*WHAT YOU WILL DO:* Below are records; reproduce exactly the lines from the first through the one containing "Lemma poly_orthogonal_zero h".

PROVIDED DATA START

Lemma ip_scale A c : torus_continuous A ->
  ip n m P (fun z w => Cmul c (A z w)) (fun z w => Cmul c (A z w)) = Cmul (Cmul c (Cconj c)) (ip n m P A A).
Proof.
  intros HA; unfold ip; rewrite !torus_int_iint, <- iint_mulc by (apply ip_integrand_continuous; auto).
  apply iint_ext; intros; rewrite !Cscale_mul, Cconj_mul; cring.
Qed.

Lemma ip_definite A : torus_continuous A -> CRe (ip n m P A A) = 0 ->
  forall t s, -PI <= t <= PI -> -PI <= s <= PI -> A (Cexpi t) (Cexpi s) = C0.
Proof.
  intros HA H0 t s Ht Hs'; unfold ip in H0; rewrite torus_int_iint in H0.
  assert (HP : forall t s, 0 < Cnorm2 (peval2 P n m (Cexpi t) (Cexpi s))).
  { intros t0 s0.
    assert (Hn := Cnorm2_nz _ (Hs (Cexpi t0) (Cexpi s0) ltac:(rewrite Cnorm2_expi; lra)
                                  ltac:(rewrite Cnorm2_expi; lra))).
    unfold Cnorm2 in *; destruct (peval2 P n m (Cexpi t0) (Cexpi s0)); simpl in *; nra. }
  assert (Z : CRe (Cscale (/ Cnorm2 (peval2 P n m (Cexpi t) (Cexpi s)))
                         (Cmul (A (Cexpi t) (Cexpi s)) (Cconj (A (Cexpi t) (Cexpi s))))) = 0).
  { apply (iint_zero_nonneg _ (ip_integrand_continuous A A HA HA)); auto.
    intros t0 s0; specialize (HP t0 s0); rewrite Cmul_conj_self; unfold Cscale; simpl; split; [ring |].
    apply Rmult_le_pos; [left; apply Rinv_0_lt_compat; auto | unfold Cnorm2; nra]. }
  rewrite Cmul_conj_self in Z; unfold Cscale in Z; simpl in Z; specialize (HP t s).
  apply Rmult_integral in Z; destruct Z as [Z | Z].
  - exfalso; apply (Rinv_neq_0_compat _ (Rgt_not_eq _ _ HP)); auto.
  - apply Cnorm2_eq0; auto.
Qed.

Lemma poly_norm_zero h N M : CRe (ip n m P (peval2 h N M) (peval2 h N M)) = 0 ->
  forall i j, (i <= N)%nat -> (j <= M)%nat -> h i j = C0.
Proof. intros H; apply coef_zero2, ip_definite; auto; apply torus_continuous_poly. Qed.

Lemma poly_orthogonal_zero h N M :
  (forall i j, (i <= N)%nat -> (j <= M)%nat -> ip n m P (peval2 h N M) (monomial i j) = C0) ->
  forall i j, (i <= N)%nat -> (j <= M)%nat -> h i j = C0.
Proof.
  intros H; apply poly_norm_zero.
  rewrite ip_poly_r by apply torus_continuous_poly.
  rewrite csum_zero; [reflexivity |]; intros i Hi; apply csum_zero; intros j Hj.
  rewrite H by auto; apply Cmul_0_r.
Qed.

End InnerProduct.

PROVIDED DATA END

*EXERCISE ANSWER:*
Lemma ip_scale A c : torus_continuous A ->
  ip n m P (fun z w => Cmul c (A z w)) (fun z w => Cmul c (A z w)) = Cmul (Cmul c (Cconj c)) (ip n m P A A).
Proof.
  intros HA; unfold ip; rewrite !torus_int_iint, <- iint_mulc by (apply ip_integrand_continuous; auto).
  apply iint_ext; intros; rewrite !Cscale_mul, Cconj_mul; cring.
Qed.

Lemma ip_definite A : torus_continuous A -> CRe (ip n m P A A) = 0 ->
  forall t s, -PI <= t <= PI -> -PI <= s <= PI -> A (Cexpi t) (Cexpi s) = C0.
Proof.
  intros HA H0 t s Ht Hs'; unfold ip in H0; rewrite torus_int_iint in H0.
  assert (HP : forall t s, 0 < Cnorm2 (peval2 P n m (Cexpi t) (Cexpi s))).
  { intros t0 s0.
    assert (Hn := Cnorm2_nz _ (Hs (Cexpi t0) (Cexpi s0) ltac:(rewrite Cnorm2_expi; lra)
                                  ltac:(rewrite Cnorm2_expi; lra))).
    unfold Cnorm2 in *; destruct (peval2 P n m (Cexpi t0) (Cexpi s0)); simpl in *; nra. }
  assert (Z : CRe (Cscale (/ Cnorm2 (peval2 P n m (Cexpi t) (Cexpi s)))
                         (Cmul (A (Cexpi t) (Cexpi s)) (Cconj (A (Cexpi t) (Cexpi s))))) = 0).
  { apply (iint_zero_nonneg _ (ip_integrand_continuous A A HA HA)); auto.
    intros t0 s0; specialize (HP t0 s0); rewrite Cmul_conj_self; unfold Cscale; simpl; split; [ring |].
    apply Rmult_le_pos; [left; apply Rinv_0_lt_compat; auto | unfold Cnorm2; nra]. }
  rewrite Cmul_conj_self in Z; unfold Cscale in Z; simpl in Z; specialize (HP t s).
  apply Rmult_integral in Z; destruct Z as [Z | Z].
  - exfalso; apply (Rinv_neq_0_compat _ (Rgt_not_eq _ _ HP)); auto.
  - apply Cnorm2_eq0; auto.
Qed.

Lemma poly_norm_zero h N M : CRe (ip n m P (peval2 h N M) (peval2 h N M)) = 0 ->
  forall i j, (i <= N)%nat -> (j <= M)%nat -> h i j = C0.
Proof. intros H; apply coef_zero2, ip_definite; auto; apply torus_continuous_poly. Qed.

Lemma poly_orthogonal_zero h N M :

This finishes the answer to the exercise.